2021: Glucose monitoring wearables from Samsung and Apple?
Samsung Galaxy Watch Active logo screen

Take it from this Type 1 diabetic that any kind of improvement to monitoring blood-glucose (BG) levels is incredibly welcome.

If you don’t even know what that is or why it matters, great! That hopefully means you’re very healthy and it’s never come up before.

Skip this next part if you do already know about it, and disclaimers that I’m not exactly licensed for medical advice!

Why BG-monitoring?

  • Essentially, this is the level of sugar (in the form of glucose) available in your bloodstream at any one time. Steady rates are great, high or lows are bad and cause both short-term and long-term complications.
  • Monitoring these levels useful for people who are undiagnosed is being able to understand if you show a consistently higher-than-normal blood-glucose level, or for diabetics to track the body’s reaction to food, exercise, and so on.
  • Active monitoring can lead to discovering anything from the onset of Type 1 diabetes (directly related to the loss of insulin-secreting cells in the pancreas through an auto-immune response) or Type 2 diabetes (more related to problems with insulin sensitivity), or other forms like gestational diabetes.
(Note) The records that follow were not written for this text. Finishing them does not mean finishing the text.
(* Let $\pi,\rho\in S_k$. Then: (1) $\kappa^\rho_\pi(\mathbf w)$ is a rational function with at most simple poles at $w_i=w_j$ ($i<j$) and no other singularities; i.e. $\prod_{i<j}(w_j-w_i)\kappa^\rho_\pi(\mathbf w)$ is a polynomial in $w_1,\dots,w_k$. (2) If $a<b$ and $\rho^{-1}(a)>\rho^{-1}(b)$, then $\kappa^\rho_\pi(\mathbf w)|_{w_a=z,\,w_b=qz}=0$. (3) If $\pi(\rho^{-1}(a))<a$ then $\kappa^\rho_\pi(\mathbf w)|_{w_a=0}=0$; if $\pi(\rho^{-1}(a))>a$ then $\kappa^\rho_\pi(\mathbf w)|_{w_a\to\infty}=0$.
   Context: $q$ is a fixed parameter (in $(0,1)$). For $\rho\in S_k$, $t_\rho f(w_1,\dots,w_k)=f(w_{\rho(1)},\dots,w_{\rho(k)})$; $T_i=q+\frac{w_{i+1}-qw_i}{w_{i+1}-w_i}(t_{\sigma_i}-1)$ where $\sigma_i$ is the transposition of $i,i+1$; $T_\pi=T_{i_1}\cdots T_{i_l}$ for a reduced word $\pi=\sigma_{i_1}\cdots\sigma_{i_l}$. The rational functions $\kappa^\rho_\pi(\mathbf w)$ are defined by $T_\pi=\sum_{\rho\in S_k}\kappa^\rho_\pi(\mathbf w)t_\rho$. *)

From HB Require Import structures.
From mathcomp Require Import all_boot all_order all_algebra all_fingroup.
From mathcomp Require Export mpoly.
Set Implicit Arguments. Unset Strict Implicit. Unset Printing Implicit Defensive.
Import Order.TTheory GRing.Theory Num.Theory.
Local Open Scope ring_scope.

(* Points w = (w_1,...,w_k) are functions 'I_k -> R (indices shifted to 0..k-1). *)

(* An operator sum_rho c_rho(w) t_rho, stored by its coefficient functions. *)
Definition op (k : nat) (R : Type) := 'S_k -> ('I_k -> R) -> R.

Section Ops.
Variables (R : fieldType) (k : nat).

(* (t_rho f)(w) = f(w_{rho(1)},...,w_{rho(k)}) = f (w \o rho). *)
Definition permpt (rho : 'S_k) (w : 'I_k -> R) : 'I_k -> R := fun j => w (rho j).

Definition opid : op k R := fun rho _ => if rho == 1%g then 1 else 0.

(* composition: (a t_rho)(b t_sig) = a (t_rho b) t_(rho o sig);
   coefficient of t_tau collects rho o sig = tau, i.e. sig = rho^-1 o tau,
   which in MathComp's (left-to-right) perm product is tau * rho^-1. *)
Definition opmul (A B : op k R) : op k R := fun tau w =>
  \sum_(rho : 'S_k) A rho w * B (tau * rho^-1)%g (permpt rho w).

(* i+1 as an element of 'I_k (meaningful when i.+1 < k) *)
Definition nxt (i : 'I_k) : 'I_k := insubd i i.+1.

Definition sigma (i : 'I_k) : 'S_k := tperm i (nxt i).

(* T_i = q + (w_{i+1} - q w_i)/(w_{i+1} - w_i) (t_{sigma_i} - 1) *)
Definition Tcoef (q : R) (i : 'I_k) (w : 'I_k -> R) : R :=
  (w (nxt i) - q * w i) / (w (nxt i) - w i).

Definition Top (q : R) (i : 'I_k) : op k R := fun rho w =>
  if rho == 1%g then q - Tcoef q i w
  else if rho == sigma i then Tcoef q i w else 0.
In any case, tech and diabetics aren’t always friends. Over-promises from tech are to be expected. Healthcare is hard, understanding the endocrine system and hormones is not easy, and finger pricking for rapid, fairly low-cost blood testing is still the gold standard even if it can be painful and generally a PITA. Or PITF, as it were.

However! Smart devices do exist now: I wear a BG device with a teeny-tiny little flexible needle/wire sensor(Engadget). It that sticks to the skin and lasts two weeks at a time, tracking changes to interstitial fluid.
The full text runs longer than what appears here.